Anche per nonni, padrini e madrine

Per il conto investimento regalo valgono le stesse condizioni del conto investimento normale. Al momento il tasso base è pari allo 0,4% e si raddoppia allo 0,8% se vengono versati almeno 5000 CHF. Il bonus su nuovi capitali dello 0,4% è concesso fino al termine dell’anno civile per somme non superiori a 50 000 CHF. Approfittate inoltre di un ulteriore 0,8% se costituite per il vostro ragazzo un deposito con parti ordinarie della Banca WIR (min. 25 parti ordinarie, interesse bonus fino a 50 000 CHF).

Anche i nonni, i padrini e le madrine possono aprire un conto investimento per il proprio nipote o figlioccio. In questo caso sono loro i titolari del conto. Un mese prima del 18o compleanno del ragazzo, i nonni, il padrino o la madrina ricevono i documenti per il trasferimento del denaro risparmiato al neomaggiorenne.

L’essenziale in sintesi

Potete aprire un conto investimento regalo comodamente online (www.bancawir.ch > Clienti privati > Conto investimento) oppure potete chiamarci al numero: 0848 947 949 (giorni feriali ore 7.30–18.00).

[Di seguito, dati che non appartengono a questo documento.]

(* Fix $s,b\ge1$, let $\{a_i\}$ be the $(s,b)$-Generacci sequence, and let $p_{n,k}$ be the number of $m\in[a_{(n-1)b+1},a_{nb+1})$ whose legal decomposition has exactly $k$ summands (with $a_i=0$ for $i\le 0$). Let $g_n(y)=\sum_{k\ge0}p_{n,k}y^k$, the coefficient of $x^n$ in $\sum_{n,k}p_{n,k}x^ny^k$. Then for $y>0$ and all sufficiently large $n$, \[g_n(y)=\sum_{i=1}^{s+1}q_i(y)\alpha_i^n(y),\] where $\alpha_i(y)=1/\lambda_i(y)$ with $\lambda_1(y),\dots,\lambda_{s+1}(y)$ the distinct roots of $1-x-byx^{s+1}$, and the $q_i(y)$ are algebraic functions of $y$ depending on these roots.
   Context: Fix integers $s,b\ge1$. For an increasing sequence of positive integers $\{a_i\}_{i\ge1}$ define bins $\mathcal{B}_n=\{a_{b(n-1)+1},\dots,a_{bn}\}$ for $n\ge1$, $\mathcal{B}_j=\emptyset$ for $j\le 0$. A decomposition $m=a_{\ell_1}+\dots+a_{\ell_k}$ with $a_{\ell_1}>\dots>a_{\ell_k}$ is an $(s,b)$-Generacci legal decomposition if $\{a_{\ell_i},a_{\ell_{i+1}}\}\not\subset\mathcal{B}_{j-s}\cup\dots\cup\mathcal{B}_j$ for all $i,j$. The $(s,b)$-Generacci sequence is the increasing sequence in which each $a_i$ is the smallest positive integer with no legal decomposition using $a_1,\dots,a_{i-1}$; every nonnegative integer has a unique legal decomposition. *)

From HB Require Import structures.
From mathcomp Require Import all_boot all_order all_algebra.
From mathcomp Require Import boolp reals.
From mathcomp Require Import complex.
Set Implicit Arguments. Unset Strict Implicit. Unset Printing Implicit Defensive.
Import Order.TTheory GRing.Theory Num.Theory.

(** Index of the bin containing position [i >= 1] (bins of size [b]):
    B_n = {a_{b(n-1)+1}, ..., a_{bn}}, so position i lies in bin ceil(i/b). *)
Definition bin_of (b i : nat) : nat := (i + b - 1) %/ b.

(** Position [i] lies in B_{j-s} ∪ ... ∪ B_j (bins with non-positive index are
    empty; since [bin_of b i >= 1] for [i >= 1], the truncated [j - s] in nat
    gives exactly this). *)
Definition in_window (s b j i : nat) : bool := (j - s <= bin_of b i <= j)%N.

(** [ls] is the list of indices [l_1, ..., l_k] of an (s,b)-Generacci legal
    decomposition of [m] with respect to the sequence [a] (indexed from 1):
    all indices positive, a_{l_1} > ... > a_{l_k}, no two consecutive summands
    in a common window of s+1 consecutive bins, and m = sum of the a_{l_i}. *)
Definition legal_decomp (s b : nat) (a : nat -> nat) (ls : seq nat) (m : nat)
  : Prop :=
  [/\ all (fun l => 0 < l)%N ls,
      sorted (fun x y => a y < a x)%N ls,
      (forall i j, (i.+1 < size ls)%N ->
          ~~ (in_window s b j (nth 0 ls i) && in_window s b j (nth 0 ls i.+1)))
    & m = \sum_(l <- ls) a l]%N.

(** [a] is the (s,b)-Generacci sequence (terms a_1, a_2, ...; the value a 0
    is irrelevant): increasing, and each a_i is the smallest positive integer
    having no legal decomposition using a_1, ..., a_{i-1}. *)
Definition is_generacci (s b : nat) (a : nat -> nat) : Prop :=
  (forall i, 0 < i -> a i < a i.+1)%N /\
  forall i, (0 < i)%N ->
    [/\ (0 < a i)%N,
        ~ (exists ls, all (fun l => l < i)%N ls /\ legal_decomp s b a ls (a i))
      & forall m, (0 < m < a i)%N ->
          exists ls, all (fun l => l < i)%N ls /\ legal_decomp s b a ls m].

(** Endpoints of the range [a_{(n-1)b+1}, a_{nb+1}), with a_i = 0 for i <= 0. *)
Definition lo_end (b : nat) (a : nat -> nat) (n : nat) : nat :=
  if n is n'.+1 then a (n' * b).+1 else 0.
Definition hi_end (b : nat) (a : nat -> nat) (n : nat) : nat := a (n * b).+1.

Definition p_nk (s b : nat) (a : nat -> nat) (n k : nat) : nat :=
  (\sum_(lo_end b a n <= m < hi_end b a n)
     `[< exists ls, legal_decomp s b a ls m /\ size ls = k >])%N.

(** g_n(y) = sum_{k >= 0} p_{n,k} y^k.  Only k < a_{nb+1} can contribute
    (a legal decomposition of m has at most m summands), so the sum is
    truncated there. *)
Definition g_n (R : pzSemiRingType) (s b : nat) (a : nat -> nat) (n : nat) (y : R) : R :=
  (\sum_(0 <= k < hi_end b a n) (p_nk s b a n k)%:R * y ^+ k)%R.

Definition charpoly (R : rcfType) (s b : nat) (y : R) : {poly complex R} :=
  (1 - 'X - ((b%:R * y)%:C)%C%:P * 'X^(s.+1))%R.

From HB Require Import structures.
From mathcomp Require Import all_boot all_order all_algebra.
From mathcomp Require Import boolp reals complex.
From mathcomp Require Import zify ring.
Set Implicit Arguments. Unset Strict Implicit. Unset Printing Implicit Defensive.
Import Order.TTheory GRing.Theory Num.Theory.

(* The numbers below a_{i+1} are exactly the sums of legal decompositions using
   a_1, ..., a_i, each in a unique way, and a_{i+1} = a_i + a_{k+1} where a_k is the
   largest term allowed after a_i. So [a_i, a_{i+1}) consists of the numbers a_i + m,
   m < a_{k+1}, each with one summand more than m. Summing over the b terms of a bin
   gives g_n(y) = b y G_{n-s-1}(y), with G_j the generating polynomial of all numbers
   below a_{jb+1}, whence g_{n+s+1} = g_{n+s} + b y g_n for n >= 1. The characteristic
   roots of this recurrence are the alpha_i = 1/lambda_i, so when they are distinct a
   Vandermonde system gives g_n = sum_i q_i alpha_i^n.
   For algebraicity, let H = (g_{1+j+k}) and T = (sum_i alpha_i^{1+j+k}), the traces of
   the powers of the companion matrix; both are polynomial in y. Factoring through the
   Vandermonde matrix V gives det(H - Z T) = det(V)^2 prod_i alpha_i (q_i - Z), so every
   q_i is a root of this bivariate polynomial, which vanishes at no admissible y. *)

Section LegalDecompositions.
Variables (s b : nat) (a : nat -> nat).
Hypotheses (b_gt0 : 0 < b) (gen : is_generacci s b a).

Definition legal_step (x y : nat) : bool := bin_of b y + s < bin_of b x.

Definition legal_seq (L : seq nat) : bool :=
  all (fun l => 0 < l) L && sorted legal_step L.

Definition gsum (L : seq nat) : nat := \sum_(l <- L) a l.

Lemma a_lt_succ i : 0 < i -> a i < a i.+1.
Proof. by case: gen => a_incr _; apply: a_incr. Qed.

Lemma a_lt i j : 0 < i -> i < j -> a i < a j.
Proof.
move=> i_gt0; elim: j => // j IHj; rewrite ltnS leq_eqVlt => /predU1P [<-|lt_ij].
  exact: a_lt_succ.
exact: ltn_trans (IHj lt_ij) (a_lt_succ (leq_trans i_gt0 (ltnW lt_ij))).
Qed.

Lemma a_le i j : 0 < i -> i <= j -> a i <= a j.
Proof. by move=> i_gt0; rewrite leq_eqVlt => /predU1P [->|/(a_lt i_gt0)/ltnW]. Qed.

Lemma a1 : a 1 = 1.
Proof.
case: gen => _ /(_ 1 isT) [a1_gt0 _ repr_lt_a1].
apply/eqP; rewrite eqn_leq a1_gt0 andbT leqNgt; apply/negP => lt1.
have [[|l L] [/= lt_l [/= gt_l _ _ sumE]]] := repr_lt_a1 1 lt1.
  by rewrite big_nil in sumE.
by case/andP: lt_l; case/andP: gt_l; lia.
Qed.

Lemma index_le_a i : i <= a i.
Proof.
elim: i => // -[_|i IHi]; first by rewrite a1.
exact: leq_ltn_trans IHi (a_lt_succ _).
Qed.

Lemma bin_of_le x y : x <= y -> bin_of b x <= bin_of b y.
Proof. by move=> le_xy; apply: leq_div2r; rewrite leq_sub2r // leq_add2r. Qed.

Lemma legal_step_lt x y : legal_step x y -> y < x.
Proof. by rewrite /legal_step => step; rewrite ltnNge; apply/negP => /bin_of_le; lia. Qed.

Lemma legal_step_trans : transitive legal_step.
Proof. by move=> y x z; rewrite /legal_step; lia. Qed.

Lemma legal_decompE L m : legal_decomp s b a L m <-> legal_seq L /\ m = gsum L.
Proof.
rewrite /legal_decomp /legal_seq /gsum; split.
  case=> L_gt0 /(sortedP 0) a_decr windows ->; split=> //; rewrite L_gt0 /=.
  apply/(sortedP 0) => i lt_i.
  have Li_gt0 : 0 < nth 0 L i by apply: (all_nthP 0 L_gt0); lia.
  have Li1_gt0 : 0 < nth 0 L i.+1 by apply: (all_nthP 0 L_gt0).
  have lt_next : nth 0 L i.+1 < nth 0 L i.
    by rewrite ltnNge; apply/negP => /(a_le Li_gt0); have := a_decr i lt_i; lia.
  have := bin_of_le (ltnW lt_next); have := windows i (bin_of b (nth 0 L i)) lt_i.
  by rewrite /in_window /legal_step; lia.
case=> /andP [L_gt0 /(sortedP 0) steps] ->; split=> //.
  apply/(sortedP 0) => i lt_i.
  exact: a_lt (all_nthP 0 L_gt0 _ lt_i) (legal_step_lt (steps i lt_i)).
by move=> i j lt_i; have := steps i lt_i; rewrite /in_window /legal_step; lia.
Qed.

Lemma legal_seq_cons x L :
  legal_seq (x :: L) = [&& 0 < x, legal_seq L & all (legal_step x) L].
Proof.
rewrite /legal_seq /= path_sortedE; last exact: legal_step_trans.
by rewrite -!andbA; do 2!congr (_ && _); rewrite andbC.
Qed.

Lemma legal_seq_gt0 L : legal_seq L -> all (fun l => 0 < l) L.
Proof. by case/andP. Qed.

(* The last index of the bin B_{j-s-1}, where B_j is the bin of [i]. *)
Definition follow_bound (i : nat) : nat := (bin_of b i - s.+1) * b.

Lemma bin_of_leqE l J : 0 < l -> (bin_of b l <= J) = (l <= J * b).
Proof.
move=> l_gt0; rewrite /bin_of -ltnS ltn_divLR // mulSn.
by move: (J * b) => t; apply/idP/idP; lia.
Qed.

Lemma bin_of_gt0 i : 0 < i -> 0 < bin_of b i.
Proof. by move=> i_gt0; rewrite /bin_of divn_gt0 //; lia. Qed.

Lemma bin_of_in_bin n r : 0 < n -> 0 < r <= b -> bin_of b (n.-1 * b + r) = n.
Proof.
move=> n_gt0 r_bin; rewrite /bin_of.
have -> : n.-1 * b + r + b - 1 = n * b + r.-1.
  by rewrite -[n in _ = n * b + _](prednK n_gt0) mulSn; lia.
by rewrite divnMDl // divn_small ?addn0 //; lia.
Qed.

Lemma legal_stepE i l : 0 < l -> legal_step i l = (l <= follow_bound i).
Proof.
move=> l_gt0; rewrite /follow_bound -bin_of_leqE // /legal_step.
by move: (bin_of_gt0 l_gt0); move: (bin_of b l) (bin_of b i) => x y; lia.
Qed.

Lemma follow_bound_lt i : 0 < i -> follow_bound i < i.
Proof.
move=> i_gt0; rewrite ltnNge /follow_bound -bin_of_leqE //.
by move: (bin_of_gt0 i_gt0); move: (bin_of b i) => x; lia.
Qed.

Definition legal_upto (i : nat) : pred (seq nat) :=
  [pred L | legal_seq L && all (leq^~ i) L].

Lemma legal_upto_cons i L :
  0 < i -> L \in legal_upto (follow_bound i) -> i :: L \in legal_upto i.
Proof.
move=> i_gt0 /andP [legal_L L_le]; rewrite inE legal_seq_cons i_gt0 legal_L /= leqnn.
apply/andP; split; apply/allP => l lL; have /allP/(_ l lL) := L_le.
  by rewrite -legal_stepE //; apply: (allP (legal_seq_gt0 legal_L)).
by move/leq_trans; apply; exact/ltnW/follow_bound_lt.
Qed.

Lemma legal_upto_case i L : 0 < i -> L \in legal_upto i ->
  L \in legal_upto i.-1 \/ exists2 L', L = i :: L' & L' \in legal_upto (follow_bound i).
Proof.
move=> i_gt0; case: L => [|x L]; first by left.
rewrite inE legal_seq_cons => /andP [/and3P [x_gt0 legal_L steps] /= /andP [le_xi L_le]].
case: (ltngtP x i) => [lt_xi|lt_ix|<-]; [left | lia | right; exists L => //].
  rewrite inE legal_seq_cons x_gt0 legal_L steps /=; apply/andP; split; first by lia.
  by apply/allP => l /(allP steps)/legal_step_lt; lia.
rewrite inE legal_L /=; apply/allP => l lL.
by rewrite -legal_stepE ?(allP steps) // (allP (legal_seq_gt0 legal_L)).
Qed.

Definition representable (i m : nat) : Prop := exists2 L, L \in legal_upto i & gsum L = m.

Definition zeckendorf_upto (i : nat) : Prop :=
  (forall m, m < a i.+1 <-> representable i m) /\ {in legal_upto i &, injective gsum}.

Lemma zeckendorf_upto0 : zeckendorf_upto 0.
Proof.
have nil_only L : L \in legal_upto 0 -> L = [::].
  by case: L => // x L; rewrite inE legal_seq_cons /= => /andP [/and3P [+ _ _] /andP [+ _]]; lia.
split=> [m|L1 L2 /nil_only -> /nil_only -> //].
rewrite a1 ltnS leqn0; split=> [/eqP ->|[L /nil_only -> <-]]; last by rewrite /gsum big_nil.
by exists [::]; rewrite /gsum ?big_nil.
Qed.

Lemma representable_gen i m : representable i m <->
  exists ls, all (fun l => l < i.+1) ls /\ legal_decomp s b a ls m.
Proof.
split=> [[L /andP [legal_L L_le] <-]|[L [L_lt /legal_decompE [legal_L ->]]]].
  by exists L; split; [apply: sub_all L_le => l | exact/legal_decompE].
by exists L; rewrite // inE legal_L.
Qed.

Section Step.
Variable i : nat.
Hypotheses (i_gt0 : 0 < i) (zeck_pred : zeckendorf_upto i.-1)
  (zeck_bound : zeckendorf_upto (follow_bound i)).

Lemma representableE m : representable i m <-> m < a i + a (follow_bound i).+1.
Proof.
have succ_pred : i.-1.+1 = i by lia.
have [lt_pred _] := zeck_pred; have [lt_bound _] := zeck_bound; split.
  case=> L /(legal_upto_case i_gt0) [L_pred <-|[L' -> L'_bound <-]].
    by have := proj2 (lt_pred _) (ex_intro2 _ _ L L_pred erefl); rewrite succ_pred; lia.
  by rewrite /gsum big_cons ltn_add2l; apply/lt_bound; exists L'.
move=> lt_m; case: (ltnP m (a i)) => [lt_mi|le_im].
  have [L /andP [legal_L L_le] <-] : representable i.-1 m by apply/lt_pred; rewrite succ_pred.
  by exists L; rewrite // inE legal_L; apply: sub_all L_le => l /leq_trans; apply; exact: leq_pred.
have [L L_bound sumL] : representable (follow_bound i) (m - a i) by apply/lt_bound; lia.
by exists (i :: L); [exact: legal_upto_cons | rewrite /gsum big_cons -/(gsum L) sumL; lia].
Qed.

Lemma a_succ_step : a i.+1 = a i + a (follow_bound i).+1.
Proof.
case: gen => _ /(_ i.+1 isT) [_ not_repr_a repr_lt_a].
apply/eqP; rewrite eqn_leq; apply/andP; split; rewrite leqNgt; apply/negP.
  move=> lt_sum; have : representable i (a i + a (follow_bound i).+1).
    by apply/representable_gen/repr_lt_a; have := index_le_a i; lia.
  by move/representableE; rewrite ltnn.
by move/representableE/representable_gen.
Qed.

Lemma zeckendorf_upto_step : zeckendorf_upto i.
Proof.
have succ_pred : i.-1.+1 = i by lia.
have [lt_pred inj_pred] := zeck_pred; have [_ inj_bound] := zeck_bound.
split=> [m|L1 L2]; first by rewrite a_succ_step representableE.
have gsum_lt L : L \in legal_upto i.-1 -> gsum L < a i.
  by move=> L_pred; rewrite -succ_pred; apply/lt_pred; exists L.
move=> /(legal_upto_case i_gt0) [L1_pred|[L1' -> L1'_bound]].
  move=> /(legal_upto_case i_gt0) [L2_pred|[L2' -> _]]; first exact: inj_pred.
  by have := gsum_lt _ L1_pred; rewrite /gsum big_cons => /[swap] ->; lia.
move=> /(legal_upto_case i_gt0) [L2_pred|[L2' -> L2'_bound]].
  by have := gsum_lt _ L2_pred; rewrite /gsum big_cons => /[swap] <-; lia.
by rewrite /gsum !big_cons => /addnI sumE; rewrite (inj_bound L1' L2').
Qed.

– Se il conto viene aperto dai genitori, il titolare è il ragazzo. Daniel Flury

– Fino al raggiungimento della maggiore età, il ragazzo non può disporre del denaro versato, in altre parole non è autorizzato a effettuare prelievi. I genitori possono usufruire in qualunque momento degli interessi maturati, se sono utilizzati esclusivamente per il mantenimento, l’educazione o la formazione del figlio. – Un mese prima del 18o compleanno del ragazzo i genitori ricevono dalla Banca WIR un attestato regalo e i documenti necessari per togliere il blocco del conto. Non appena la Banca WIR riceve i moduli debitamente compilati, il conto viene sbloccato e il ragazzo può disporre liberamente dei valori patrimoniali depositati.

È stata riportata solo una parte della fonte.